Я оглядел моих командиров. Мне всегда доставляло удовольствие разглядывать их, потому что мне кажется, что я вижу в них надежду на лучший мир. Они молоды, сильны, бесстрашны, и они готовы нести на своих плечах остатки нашей цивилизации, когда мы с Генералом и остальными Полковниками закончим свой беспокойный век. Мы последние оставшиеся люди на земле, которые еще помнят ту прекрасную жизнь до наступления ада.

А здесь выращенные нами пять бойцовых псов. Каждого я отбирал лично. Мои пять достойных командиров. Ну или четыре достойных и Тормунд. В обществе всегда должна быть сорвиголова, которая будет трясти общее самосознание группы, дабы никто не расслаблялся.

Не могу не отметить тот факт, что с каждым прожитым днем на Объекте я все больше преисполняюсь гордостью за них. Это – мои ученики, в каждого я вложил все свои знания, умения, а главное – бесценный опыт выживания. Не во всех эти семена проросли, как надо, как я задумывал. Но здоровая конкуренция всегда должна быть, чтобы быть начеку и не терять хватку перед опасностями, которые поджидают за каждым углом. Мы живем в суровые времена, когда враг окружил со всех сторон и каждую чертову секунду отслеживает нас своим сверхчувствительным обонянием, а стены нашей подземной крепости ежесекундно сопротивляются давлению почвы и подземных вод. Мы ведем оборону по всем фронтам, даже наш собственный дом иногда восстает против нас, когда случаются обвалы и потопы в отсеках. Так что, нам ни на секунду нельзя терять бдительность.

Тормунд – главный бунтарь, Тони – бесценный радиоинженер, Ольга – заядлый реалист, Ной – вечный праведник и Тесса – моя звезда.

Вот мои пять помощников в поддержании жизнеспособности базы. Столь разные личности объединились одной задачей. Обстоятельства сложились так, что мы не можем выжить с таким огромным количеством людей в таких нищенских условиях без снабжения ресурсами снаружи. А потому Падальщики – ангелы-хранители нашего нового мира.

Хотя ученые иногда пользуются ими в своих бессмысленных целях и поручают им привезти новые фрагменты тел для изучения. Моя воля – отменил бы право исследовательского блока пользоваться столь ценным орудием, как спецотряд, ради напрасного изучения того, о чем мы уже знаем предостаточно. Но Генерал продолжает поддерживать исследования, понимая, что вместо их бесполезности народ видит в них луч надежды.
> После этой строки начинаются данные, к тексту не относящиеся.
(* Key analytic step: removing half of two exponential modes whose phases at
   time t differ by an odd multiple of pi does not change the amplitude. *)
Lemma qw_abs2_shift H H' t i j k l lam mu (z : int) :
  (forall m, mxpow H' m i j = mxpow H m k l - 2^-1 * (lam ^+ m + mu ^+ m)) ->
  t * mu = t * lam + pi * (2 * z%:~R + 1) ->
  qw_abs2 H' t i j = qw_abs2 H t k l.
Proof.
move=> entries shift.
have cos_part : trig_sum (fun k => 2 * k)%N t (fun m => mxpow H' m i j) =
                trig_sum (fun k => 2 * k)%N t (fun m => mxpow H m k l).
  rewrite (funext entries).
  rewrite (trig_sum_sub_half_powers _ _ _ parity_index_even (geom_bounded_mxpow H k l)).
  by rewrite !(trig_sum_cos t) shift (alternating_odd (@cosDpi R)) addrN mulr0 subr0.
have sin_part : trig_sum (fun k => (2 * k).+1)%N t (fun m => mxpow H' m i j) =
                trig_sum (fun k => (2 * k).+1)%N t (fun m => mxpow H m k l).
  rewrite (funext entries).
  rewrite (trig_sum_sub_half_powers _ _ _ parity_index_odd (geom_bounded_mxpow H k l)).
  by rewrite !(trig_sum_sin t) shift (alternating_odd (@sinDpi R)) addrN mulr0 subr0.
by rewrite /qw_abs2 !qw_reE !qw_imE cos_part sin_part.
Qed.

End WalkAmplitudes.

Section EdgeMatrix.
Variables (R : realType) (n : nat) (a b : 'I_n).

Definition edge_vec : 'cV[R]_n := delta_mx a 0 - delta_mx b 0.

Lemma edge_vecE i : edge_vec i 0 = (i == a)%:R - (i == b)%:R.
Proof. by rewrite !mxE !andbT. Qed.

Lemma edge_vec_tr_mul (x : 'cV[R]_n) : edge_vec^T *m x = (x a 0 - x b 0)%:M.
Proof.
rewrite /edge_vec linearB /= !trmx_delta mulmxBl -!rowE.
by apply/matrixP => i j; rewrite !ord1 !mxE eqxx mulr1n.
Qed.

Lemma edge_mx_mul (x : 'cV[R]_n) : edge_mx R a b *m x = (x a 0 - x b 0) *: edge_vec.
Proof. by rewrite /edge_mx -/edge_vec -mulmxA edge_vec_tr_mul mul_mx_scalar. Qed.

End EdgeMatrix.

Lemma edge_mx_sym (R : realType) n (a b : 'I_n) : edge_mx R b a = edge_mx R a b.
Proof. by rewrite /edge_mx -opprB linearN /= mulNmx mulmxN opprK. Qed.

Lemma edge_mx_tr (R : realType) n (a b : 'I_n) : (edge_mx R a b)^T = edge_mx R a b.
Proof. by rewrite /edge_mx trmx_mul trmxK. Qed.
Lemma preservant_ncomb F (c : 'I_(size F) -> nat) :
  (forall f, f \in F -> preservant X (intvec_of f)) -> preservant X (intvec_of (ncomb F c)).
Proof.
move=> PF; apply/preservant_natP; rewrite /ncomb.
apply: (big_ind (fun q => forall x, X x -> X (x + q))) => [x|q q' Pq Pq' x Xx|j _].
- by rewrite addr0.
- by rewrite addrA; apply: Pq'; apply: Pq.
have /preservant_natP XFj := PF _ (mem_nth 0 (ltn_ord j)).
elim: (c j) => [x|k IHk x Xx]; first by rewrite mulr0n addr0.
by rewrite mulrS addrA; apply/IHk/XFj.
Qed.

Lemma le_by_preservantP x y :
  X x -> le x y <-> exists2 q, preservant X (intvec_of q) & y = x + q.
Proof.
move=> Xx; split=> [[p [Pp Hy]] | [q Pq ->]]; last first.
  by exists (intvec_of q); split=> //; exact: shift_by_intvec_of.
have [q Ep ->] := shift_by_nonneg (preservant_ge0 Pp Xx) Hy.
by exists q; rewrite -?Ep.
Qed.

Lemma le_by_preservant_mem x y : X x -> le x y -> X y.
Proof. by move=> Xx /(le_by_preservantP _ Xx) [q /preservant_natP Pq ->]; exact: Pq. Qed.

Lemma le_by_preservant_refl x : le x x.
Proof. by exists 0; split; [exact: preservant0 | exact: shift_by0]. Qed.

Lemma le_by_preservant_trans x y z : le x y -> le y z -> le x z.
Proof.
move=> [p [Pp Hxy]] [p' [Pp' Hyz]]; exists (p + p'); split.
  exact: preservantD.
exact: shift_byD Hyz.
Qed.

Lemma le_by_preservant_weight x y : X x -> le x y -> x <> y -> (weight x < weight y)%N.
Proof.
move=> Xx /(le_by_preservantP _ Xx) [q _ ->] neq_xy.
rewrite weightD -addn1 leq_add2l weight_gt0 //.
by apply: contra_not_neq neq_xy => ->; rewrite addr0.
Qed.

Lemma le_by_preservant_anti x y : X x -> le x y -> le y x -> x = y.
Proof.
move=> Xx Hxy Hyx; apply: contrapT => neq_xy.
have Xy := le_by_preservant_mem Xx Hxy.
have := ltn_trans (le_by_preservant_weight Xx Hxy neq_xy).
by move/(_ _ (le_by_preservant_weight Xy Hyx (nesym neq_xy))); rewrite ltnn.
Qed.

Lemma le_by_preservant_wf : well_founded (fun a b => [/\ X a, X b, le a b & a <> b]).
Proof.
apply: (Wf_nat.well_founded_lt_compat _ (@weight n)) => a b [Xa _ Hab neq_ab].
exact/ssrnat.ltP/le_by_preservant_weight.
Qed.

End Preservants.

Lemma in_hybrid_preservant_ncomb n (B F : seq (natvec n)) (d : 'I_(size F) -> nat) :
  preservant (in_hybrid B F) (intvec_of (ncomb F d)).
Proof.
apply/preservant_natP => x /in_hybridP [b Bb [c ->]]; apply/in_hybridP.
by exists b => //; exists (fun j => c j + d j)%N; rewrite ncombD addrA.
Qed.

Lemma hybridlinear_minimal_finite n (X : natset n) :
  hybridlinear X -> finitely_many_minimal X (le_by (preservant X)).
Proof.
move=> [B [F HX]]; have -> : X = in_hybrid B F by apply/funext=> x; apply/propext.
move=> S SX; apply: contrapT => finN.
pose P m := S m /\ minimal S (le_by (preservant (in_hybrid B F))) m.
have [g [g_inj Pg]] : exists g : nat -> natvec n, injective g /\ forall k, P (g k).
  apply: injective_seq_of_infinite => -[l Hl]; apply: finN.
  by exists l => m Sm /(conj Sm)/Hl.
have /choice [r Hr] k : exists r : natvec n * ('I_(size F) -> nat),
    r.1 \in B /\ g k = r.1 + ncomb F r.2.
  by have /in_hybridP [b Bb [c ->]] := SX _ (Pg k).1; exists (b, c).
have [j [k [lt_jk eq_b le_c]]] :=
  dickson (fun k => (r k).2) (fun k => (Hr k).1).
have le_gjk : le_by (preservant (in_hybrid B F)) (g j) (g k).
  apply/le_by_preservantP; first exact: SX (Pg j).1.
  exists (ncomb F (fun i => (r k).2 i - (r j).2 i)%N).
    exact: in_hybrid_preservant_ncomb.
  rewrite (Hr k).2 (Hr j).2 -addrA -ncombD eq_b; congr (_ + ncomb F _).
  by apply: funext => i; rewrite subnKC.
have /g_inj eq_jk := (Pg k).2 _ (Pg j).1 le_gjk.
by rewrite eq_jk ltnn in lt_jk.
Qed.

Lemma ncomb_of_atoms n (Q : natvec n -> Prop) (F : seq (natvec n)) :
  (forall q, Q q -> q != 0 -> q \in F \/
     exists q1 q2, [/\ Q q1, Q q2, q1 != 0, q2 != 0 & q = q1 + q2]) ->
  forall q, Q q -> exists c, q = ncomb F c.
Proof.
move=> atoms q; have [w] := ubnP (weight q); elim: w q => // w IHw q lt_qw Qq.
have [->|q0] := eqVneq q 0; first by exists (fun=> 0%N); rewrite ncomb0.
case: (atoms q Qq q0) => [qF | [q1 [q2 [Qq1 Qq2 q10 q20 Eq]]]].
  have lt_qF : (index q F < size F)%N by rewrite index_mem.
  by exists (fun j => (j == Ordinal lt_qF) : nat); rewrite ncomb_delta /= nth_index.
have lt_q1w : (weight q1 < w)%N.
  by move: lt_qw (weight_gt0 q20); rewrite Eq weightD; lia.
have lt_q2w : (weight q2 < w)%N.
  by move: lt_qw (weight_gt0 q10); rewrite Eq weightD; lia.
rewrite Eq; have [c1 ->] := IHw q1 lt_q1w Qq1; have [c2 ->] := IHw q2 lt_q2w Qq2.
by exists (fun j => c1 j + c2 j)%N; rewrite ncombD.
Qed.

Lemma preservant_generators n (X : natset n) x0 :
  X x0 -> finitely_many_minimal X (le_by (preservant X)) ->
  exists F : seq (natvec n), (forall f, f \in F -> preservant X (intvec_of f)) /\
    forall q, preservant X (intvec_of q) -> exists c, q = ncomb F c.
Proof.
move=> Xx0 fin.
pose S m := exists q, [/\ preservant X (intvec_of q), q != 0 & m = x0 + q].
have SX s : S s -> X s by case=> q [/preservant_natP Pq _ ->]; exact: Pq.
have [l min_l] := fin S SX.
pose F := [seq f : natvec n <- [seq [ffun i => (m i - x0 i)%N] | m : natvec n <- l]
  | `[< preservant X (intvec_of f) >]].
exists F; split=> [f|]; first by rewrite mem_filter => /andP[/asboolP].
apply: ncomb_of_atoms => q Pq q0.
have [min_q|] := pselect (minimal S (le_by (preservant X)) (x0 + q)).
  left; rewrite mem_filter; apply/andP; split; first exact/asboolP.
  have -> : q = [ffun i => ((x0 + q)%R i - x0 i)%N] by apply/ffunP=> i; rewrite !ffunE addKn.
  by apply: map_f; apply: min_l => //; exists q.
move=> /existsNP [_ /not_implyP [[q1 [Pq1 q10 ->]] /not_implyP [le_q1q neq_q1q]]].
have [q2 Pq2 Eq] := (le_by_preservantP _ (SX _ (ex_intro _ q1 (And3 Pq1 q10 erefl)))).1 le_q1q.
right; exists q1, q2; split=> //; last by apply: (@addvI _ x0); rewrite addrA.
by apply: contra_not_neq neq_q1q => q20; rewrite Eq q20 addr0.
Qed.

Lemma hybridlinear_of_wqo n (X : natset n) :
  wqo_on X (le_by (preservant X)) -> hybridlinear X.
Proof.
case=> refl_le trans_le _ wf_le fin.
have [[x0 Xx0]|noX] := pselect (exists x, X x); last first.
  exists [::], [::] => x; split=> [Xx|/in_hybridP [b]]; last by rewrite in_nil.
  by case: noX; exists x.
have [F [PF genF]] := preservant_generators Xx0 fin.
have [l min_l] := fin X (fun _ => id).
exists [seq b <- l | `[< X b >]], F => x; split=> [Xx|].
  have [m [Xm min_m] le_mx] := minimal_below refl_le trans_le wf_le Xx.
  have [q Pq ->] := (le_by_preservantP _ Xm).1 le_mx.
  have [c ->] := genF q Pq.
  apply/in_hybridP; exists m; last by exists c.
  by rewrite mem_filter min_l // andbT; apply/asboolP.
move=> /in_hybridP [b]; rewrite mem_filter => /andP[/asboolP Xb _] [c ->].
exact: (iffLR (preservant_natP _ _) (preservant_ncomb c PF)).
Qed.

Theorem mainTheorem14 (n : nat) (X : natset n) :
  hybridlinear X <-> wqo_on X (le_by (preservant X)).
Proof.
split=> [hlX|]; last exact: hybridlinear_of_wqo.
split.
- by move=> x _; exact: le_by_preservant_refl.
- by move=> x y z _ _ _; exact: le_by_preservant_trans.
- by move=> x y Xx _; exact: le_by_preservant_anti.
- exact: le_by_preservant_wf.
- exact: hybridlinear_minimal_finite.
Qed.
Lemma cvg_to1_of_expR_tail (R : realType) (u : nat -> R) (delta : R) : 0 < delta ->
  (\forall n \near \oo, 0 <= 1 - u n <= expR (- (delta * n%:R))) -> u @ \oo --> (1 : R).
Proof.
move=> delta0 tail_u.
have geo : (fun n => 1 - expR (- delta) ^+ n) @ \oo --> (1 : R).
  rewrite -[X in _ --> X]subr0; apply: cvgB; first exact: cvg_cst.
  by apply: cvg_expr; rewrite ger0_norm ?expR_ge0 // expR_lt1 oppr_lt0.
apply: (squeeze_cvgr _ geo (cvg_cst (1 : R))); move: tail_u; apply: filterS => n.
by rewrite -expRM_natl mulrN mulrC; lra.
Qed.

Lemma Pplant_F_SUPP_tail (R : realType) (n : nat) (d p t : R) :
  0 <= d -> 0 <= p <= 1 -> d / n%:R ^+ 2 <= p -> (75 <= n)%N ->
  1 - Pplant n p (fun phi F => (F_SUPP d F phi)%:R <= t * n%:R)
  <= expR (- ((t - expR (1 - d / 75)) * n%:R)).
Proof.
move=> d0 /andP [p0 p1] dp n75.
have hZ (s : nat) : s%:R < d / 3 -> 1 <= expR (d / 15) * expR (- (1 / 5)) ^+ s.
  by move=> sd; rewrite -expRM_natl -expRD; apply: le_trans (expR_ge1Dx _); lra.
apply: le_trans (Pplant_F_SUPP_le (m := 'C(n.-1, 2)) t _ _ _ hZ _) _ => //.
- by rewrite p0.
- by rewrite expR_ge0 expR_le1; lra.
have := F_SUPP_moment_term_le d0 p0 p1 dp n75; set y := _ * _ ^+ _ => hy.
have y0 : 0 <= y.
  have e0 : 0 <= expR 1 - 1 :> R by rewrite subr_ge0 ltW // expR_gt1.
  have q0 : 0 <= p * expR (- (1 / 5)) + (1 - p).
    by rewrite addr_ge0 ?mulr_ge0 ?expR_ge0 // subr_ge0.
  by rewrite mulr_ge0 ?exprn_ge0 ?mulr_ge0 ?expR_ge0.
apply: (le_trans (y := expR (- (t * n%:R)) * expR y ^+ n)).
  by rewrite ler_wpM2l ?expR_ge0 // lerXn2r ?nnegrE ?expR_ge0 ?addr_ge0 // addrC expR_ge1Dx.
rewrite -expRM_natl -expRD ler_expR.
have : n%:R * y <= n%:R * expR (1 - d / 75) by rewrite ler_wpM2l.
lra.
Qed.

Theorem proposition2 (R : realType) :
  exists c : R, 0 < c /\
  exists d0 : R, forall d : R, d0 <= d ->
  forall p : nat -> R,
    (forall n, 0 <= p n <= 1) ->
    (exists N : nat, forall n : nat, (N <= n)%N -> d / (n%:R ^+ 2) <= p n) ->
    (fun n : nat => Pplant n (p n)
        (fun phi F => (F_SUPP d F phi)%:R <= expR (- (c * d)) * n%:R))
      @ \oo --> (1 : R).
Proof.
exists (1 / 150); split; first by rewrite divr_gt0.
exists 300 => d d300 p p01 [N dp].
apply: (cvg_to1_of_expR_tail (delta := expR (- (1 / 150 * d)) - expR (1 - d / 75))).
  by rewrite subr_gt0 ltr_expR; lra.
exists (maxn N 75) => // n /=; rewrite geq_max => /andP [Nn n75].
have /andP [p0 p1] := p01 n.
apply/andP; split; first by rewrite -Pplant_not ?Pplant_ge0.
by apply: Pplant_F_SUPP_tail; rewrite ?p01 ?dp //; lra.
Qed.
(* With [t = x0/|x|] in [-1, 1], each of the at most [2^j] terms of [C^nu_j(t)] is bounded by
   [2^N 8^j] whenever [0 <= nu <= N]: the Pochhammer symbol satisfies [(nu)_m <= m! 2^(N+m)],
   and [(i+m)!/(i! m!) <= 2^(i+m)].  For the normalisation, [C^nu_(2l)(0) = (-1)^l (nu)_l / l!]
   and [l! <= 2^l (nu)_l] for [nu >= 1/2], so [|mu^j_k| <= n 8^(k+j)].  Both parts of
   [X^(j)_k] are therefore at most [n 2^n 128^(k+j) |x|^j], and [b = 256 n 2^n] works. *)

Lemma poch_ge0 a m : 0 <= a -> 0 <= poch a m.
Proof.
  intros Ha; induction m as [|m IH]; simpl; [lra|].
  apply Rmult_le_pos; [exact IH|]. pose proof (pos_INR m); lra.
Qed.

Lemma poch_le_compat a b m : 0 <= a -> a <= b -> poch a m <= poch b m.
Proof.
  intros Ha Hab; induction m as [|m IH]; simpl; [lra|].
  pose proof (pos_INR m).
  apply Rmult_le_compat; auto using poch_ge0; lra.
Qed.

Lemma poch_S_shift a m : poch a (S m) = a * poch (a + 1) m.
Proof.
  induction m as [|m IH]; [simpl; ring|].
  change (poch a (S (S m))) with (poch a (S m) * (a + INR (S m))).
  change (poch (a + 1) (S m)) with (poch (a + 1) m * (a + 1 + INR m)).
  rewrite IH, S_INR. ring.
Qed.

Lemma poch_S_base a m : poch (a + 1) (S m) = poch a (S m) + INR (S m) * poch (a + 1) m.
Proof.
  rewrite (poch_S_shift a m), S_INR.
  change (poch (a + 1) (S m)) with (poch (a + 1) m * (a + 1 + INR m)). ring.
Qed.
(* Mass, lag-one correlation (times lag_den) and second moment of the test
   profile, up to the common factor. *)
Definition mass_poly (x t : R) : R :=
  coef0 x * coef0 x * W0 x
  + coef0 x * coef1 x t * W1 x
  + coef0 x * coef2 x t * W2 x
  + coef1 x t * coef0 x * W1 x
  + coef1 x t * coef1 x t * W2 x
  + coef1 x t * coef2 x t * W3 x
  + coef2 x t * coef0 x * W2 x
  + coef2 x t * coef1 x t * W3 x
  + coef2 x t * coef2 x t * W4 x.
Definition lag_poly (x t : R) : R :=
  coef0 x * coef0 x * W0 x * (2 * nn x - 0) * (2 * nn x + 1 - 1) * (2 * nn x + 1 - 2) * (2 * nn x + 1 - 3) * (2 * nn x + 1 - 4)
  + coef0 x * coef1 x t * W1 x * (2 * nn x - 1) * (2 * nn x + 1 - 0) * (2 * nn x + 1 - 2) * (2 * nn x + 1 - 3) * (2 * nn x + 1 - 4)
  + coef0 x * coef2 x t * W2 x * (2 * nn x - 2) * (2 * nn x + 1 - 0) * (2 * nn x + 1 - 1) * (2 * nn x + 1 - 3) * (2 * nn x + 1 - 4)
  + coef1 x t * coef0 x * W1 x * (2 * nn x - 1) * (2 * nn x + 1 - 0) * (2 * nn x + 1 - 2) * (2 * nn x + 1 - 3) * (2 * nn x + 1 - 4)
  + coef1 x t * coef1 x t * W2 x * (2 * nn x - 2) * (2 * nn x + 1 - 0) * (2 * nn x + 1 - 1) * (2 * nn x + 1 - 3) * (2 * nn x + 1 - 4)
  + coef1 x t * coef2 x t * W3 x * (2 * nn x - 3) * (2 * nn x + 1 - 0) * (2 * nn x + 1 - 1) * (2 * nn x + 1 - 2) * (2 * nn x + 1 - 4)
  + coef2 x t * coef0 x * W2 x * (2 * nn x - 2) * (2 * nn x + 1 - 0) * (2 * nn x + 1 - 1) * (2 * nn x + 1 - 3) * (2 * nn x + 1 - 4)
  + coef2 x t * coef1 x t * W3 x * (2 * nn x - 3) * (2 * nn x + 1 - 0) * (2 * nn x + 1 - 1) * (2 * nn x + 1 - 2) * (2 * nn x + 1 - 4)
  + coef2 x t * coef2 x t * W4 x * (2 * nn x - 4) * (2 * nn x + 1 - 0) * (2 * nn x + 1 - 1) * (2 * nn x + 1 - 2) * (2 * nn x + 1 - 3).
Definition moment_poly (x t : R) : R :=
  coef0 x * coef0 x * ((nn x - 0) ^ 2 * W0 x - 2 * (nn x - 0) * (2 * (nn x - 0) - 1) * W1 x)
  + coef0 x * coef1 x t * ((nn x - 0) ^ 2 * W1 x - 2 * (nn x - 0) * (2 * (nn x - 0) - 1) * W2 x)
  + coef0 x * coef2 x t * ((nn x - 0) ^ 2 * W2 x - 2 * (nn x - 0) * (2 * (nn x - 0) - 1) * W3 x)
  + coef1 x t * coef0 x * ((nn x - 1) ^ 2 * W1 x - 2 * (nn x - 1) * (2 * (nn x - 1) - 1) * W2 x)
  + coef1 x t * coef1 x t * ((nn x - 1) ^ 2 * W2 x - 2 * (nn x - 1) * (2 * (nn x - 1) - 1) * W3 x)
  + coef1 x t * coef2 x t * ((nn x - 1) ^ 2 * W3 x - 2 * (nn x - 1) * (2 * (nn x - 1) - 1) * W4 x)
  + coef2 x t * coef0 x * ((nn x - 2) ^ 2 * W2 x - 2 * (nn x - 2) * (2 * (nn x - 2) - 1) * W3 x)
  + coef2 x t * coef1 x t * ((nn x - 2) ^ 2 * W3 x - 2 * (nn x - 2) * (2 * (nn x - 2) - 1) * W4 x)
  + coef2 x t * coef2 x t * ((nn x - 2) ^ 2 * W4 x - 2 * (nn x - 2) * (2 * (nn x - 2) - 1) * W5 x).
По мне, это пустая трата времени. Главное – выжить любой ценой, а изучение инфицированных уже потеряло актуальность, иначе мы бы не были тут заперты, не так ли? Ученые потеряли свой шанс остановить эпидемию сорок лет назад. Настала моя очередь спасти остатки человечества после их ошибок, и я клянусь, что сделаю все ради того, чтобы люди на моей базе продолжали свое существование.

В конце концов, чего мы не знаем об инфицированных? Вирус передается капельным путем через кровь. Слюна инфицированного обязательно должна попасть в кровеносные сосуды, там его вотчина. Вирус разносится по всем органам, поражает нервную систему и отключает лобные доли, после чего человек становится чудовищем. Когда вирус только открыли, превращение человека длилось девять месяцев. Но вирус мутирует, и сегодня между человеком и безмозглым монстром разница всего в пару часов.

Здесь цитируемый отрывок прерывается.